◆ **EXERCISE DETAILS**
Would you copy each line of the records that includes the word "composes"?

◆ **Source records**
Definition valid_sum a := all (fun x : k * Defs.path => validp x.2) a.

Lemma homog_cat s t a b : homog s t a -> homog s t b -> homog s t (a ++ b).
Proof. by rewrite /homog all_cat => -> ->. Qed.

Lemma homog_fscale s t (c : k) a : homog s t a -> homog s t (fscale c a).
Proof. by rewrite /homog /fscale all_map. Qed.

Lemma homog_fsub s t a b : homog s t a -> homog s t b -> homog s t (fsub a b).
Proof. by move=> ha hb; apply: homog_cat => //; apply: homog_fscale. Qed.

Lemma homog_fmul s m t a b : homog m t a -> homog s m b -> homog s t (fmul a b).
Proof.
move=> /allP ha /allP hb; apply/allP => z /flattenP [l /mapP [x xa ->]].
case/mapP => y; rewrite mem_filter => /andP [/eqP wy yb] -> /=.
have /andP [/eqP hx1 /eqP hx2] := ha x xa; have /andP [/eqP hy1 _] := hb y yb.
by rewrite walk_cat wy hy1 eqxx /= hx2.
Qed.

Lemma homog_flatten s t (L : seq (fsum k)) :
  all (homog s t) L -> homog s t (flatten L).
Proof. by elim: L => //= a L IH /andP [ha hL]; apply: homog_cat (IH hL). Qed.

Lemma homog_dd n j : (j <= n)%N -> homog n n.+1 (dd k n j).
Proof. by move=> hj; rewrite /homog /= eqxx /= hj eqxx. Qed.

Lemma homog_chi n i : (i < n)%N -> homog n n (chi k n i).
Proof. by move=> hi; rewrite /homog /= eqxx /= hi eqxx. Qed.

Lemma homog_one n : homog n n (Defs.one k n).
Proof. by rewrite /homog /= !eqxx. Qed.

Lemma homog_chi_chain m j (a : nat) : (1 <= a <= j)%N -> (j <= m)%N ->
  homog m m.+1 (chi_chain k m j a).
Proof.
move=> ha hj; rewrite /chi_chain.
have : all (fun l => l < m.+1)%N (rev (iota a (j - a).+1)).
  by rewrite all_rev; apply/allP => l; rewrite mem_iota; lia.
elim: (rev _) => /= [_|l s IH /andP [hl hs]]; first by apply: homog_dd; lia.
exact: homog_fmul (homog_chi hl) (IH hs).
Qed.

Lemma homog_rho m j : (j <= m)%N -> homog m m.+1 (rho k m j).
Proof.
move=> hj; apply: homog_cat (homog_dd hj) _.
apply/homog_flatten/allP => _ /mapP [a ha ->].
by apply: homog_chi_chain => //; move: ha; rewrite mem_iota; lia.
Qed.

Lemma homog_valid s t a : homog s t a -> valid_sum a.
Proof. by move=> /allP h; apply/allP => x /h /andP [_ /eqP e]; rewrite /validp e. Qed.

Lemma valid_fmul a b : valid_sum a -> valid_sum (fmul a b).
Proof.
move=> /allP ha; apply/allP => z /flattenP [l /mapP [x xa ->]].
case/mapP => y; rewrite mem_filter => /andP [/eqP wy yb] -> /=.
by rewrite /validp /= walk_cat wy; apply: ha.
Qed.

Lemma valid_mono u : validp u -> valid_sum (mono k u).
Proof. by rewrite /valid_sum /= andbT. Qed.

Lemma coef_invalid a p : valid_sum a -> ~~ validp p -> coef a p = 0.
Proof.
move=> /allP ha hp; rewrite /coef big_seq_cond big1 // => x /andP [xa /eqP e].
by move: (ha x xa) hp; rewrite e => ->.
Qed.

Lemma fmul_onel s t a : homog s t a -> coef (fmul (Defs.one k t) a) =1 coef a.
Proof.
move=> /allP ha p; rewrite coef_fmul big_cons big_nil addr0 /coef [RHS]big_mkcond /=.
rewrite big_seq [RHS]big_seq; apply: eq_bigr => y ya.
rewrite /composes /=; have /andP [_ /eqP ->] := ha y ya; rewrite eqxx /= mul1r.
by case: y {ya} => ? [].
Qed.

Lemma fmul_oner s t a : homog s t a -> coef (fmul a (Defs.one k s)) =1 coef a.
Proof.
move=> /allP ha p; rewrite coef_fmul /coef [RHS]big_mkcond /=.
rewrite big_seq [RHS]big_seq; apply: eq_bigr => x xa.
rewrite big_cons big_nil addr0 /composes /=.
have /andP [/eqP e _] := ha x xa; rewrite e eqxx /= mulr1 cats0.
by move: e; case: x {xa} => ? [? ?] /= ->.
Qed.

Lemma ideal_cat f g : leib_ideal f -> leib_ideal g -> leib_ideal (f ++ g).
Proof.
move=> hf; elim=> [|g' c u r v _ IH hr hu hv|g' g'' _ IH e].
- by rewrite cats0.
- by rewrite /fadd catA; apply: ideal_step.
- by apply: ideal_ext IH _ => p; rewrite !coef_cat e.
Qed.

Lemma ideal_fscale (s : k) f : leib_ideal f -> leib_ideal (fscale s f).
Proof.
elim=> [|g c u r v _ IH hr hu hv|g g' _ IH e].
- exact: ideal0.
- apply: ideal_ext (ideal_step (s * c) IH hr hu hv) _ => p.
  by rewrite /fadd !(coef_cat, coef_fscale) mulrDr mulrA.
- by apply: ideal_ext IH _ => p; rewrite !coef_fscale e.
Qed.

Lemma ideal_nil_fmulr f : leib_ideal (fmul f [::]).
Proof. exact: ideal_ext (@ideal0 k) (fun p => esym (fmul0r f p)). Qed.

Lemma coef_ideal_invalid g p : leib_ideal g -> ~~ validp p -> coef g p = 0.
Proof.
move=> h hp; elim: h => [|f c u r v _ IH hr hu hv|f f' _ IH e].
- exact: coef_nil.
- rewrite /fadd coef_cat IH coef_fscale coef_invalid ?mulr0 ?addr0 //.
  exact/valid_fmul/valid_fmul/valid_mono.
- by rewrite -e.
Qed.

Lemma ideal_gen u r v : leib_rel r -> validp u -> validp v ->
  leib_ideal (fmul (fmul (mono k u) r) (mono k v)).
Proof.
move=> hr hu hv; apply: ideal_ext (ideal_step 1 (@ideal0 k) hr hu hv) _ => p.
by rewrite /fadd coef_cat coef_nil add0r coef_fscale mul1r.
Qed.

Lemma ideal_fmul_monol w g : validp w -> leib_ideal g -> leib_ideal (fmul (mono k w) g).
Proof.
move=> hw; elim=> [|f c u r v _ IH hr hu hv|f f' _ IH e].
- exact: ideal0.
- apply: (ideal_ext (f := fmul (mono k w) f ++
      fscale c (fmul (fmul (fmul (mono k w) (mono k u)) r) (mono k v)))).
    apply: ideal_cat => //; apply: ideal_fscale.
    apply: ideal_ext _ (fun p => esym (fmul_coef_eql (mono k v)
                                 (fmul_coef_eql r (fmul_mono k w u)) p)).
    case: eqP => wu; last exact: ideal0.
    by apply: ideal_gen => //; rewrite /validp /= walk_cat wu.
  move=> p; rewrite /fadd fmul_catr [LHS]coef_cat [RHS]coef_cat; congr (_ + _).
  rewrite fmul_scaler !coef_fscale; congr (_ * _).
  by rewrite [RHS]coef_fmulA (fmul_coef_eql _ (coef_fmulA _ _ _)).
- by apply: ideal_ext IH _; apply: fmul_coef_eqr => ? _; apply: e.
Qed.

Lemma ideal_fmul_monor w g : leib_ideal g -> leib_ideal (fmul g (mono k w)).
Proof.
elim=> [|f c u r v _ IH hr hu hv|f f' _ IH e].
- exact: ideal0.
- apply: (ideal_ext (f := fmul f (mono k w) ++
      fscale c (fmul (fmul (mono k u) r) (fmul (mono k v) (mono k w))))).
    apply: ideal_cat => //; apply: ideal_fscale.
    apply: ideal_ext _ (fun p => esym (fmul_coef_eqr _ (in1W (fmul_mono k v w)) p)).
    case: eqP => wv; last exact: ideal_nil_fmulr.
    by apply: ideal_gen => //; rewrite /validp /= walk_cat wv.
  move=> p; rewrite /fadd fmul_catl [LHS]coef_cat [RHS]coef_cat; congr (_ + _).
  by rewrite fmul_scalel !coef_fscale coef_fmulA.
- by apply: ideal_ext IH _; apply: fmul_coef_eql.
Qed.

◆ **TASK ANSWER**
rewrite /composes /=; have /andP [_ /eqP ->] := ha y ya; rewrite eqxx /= mul1r.
rewrite big_cons big_nil addr0 /composes /=.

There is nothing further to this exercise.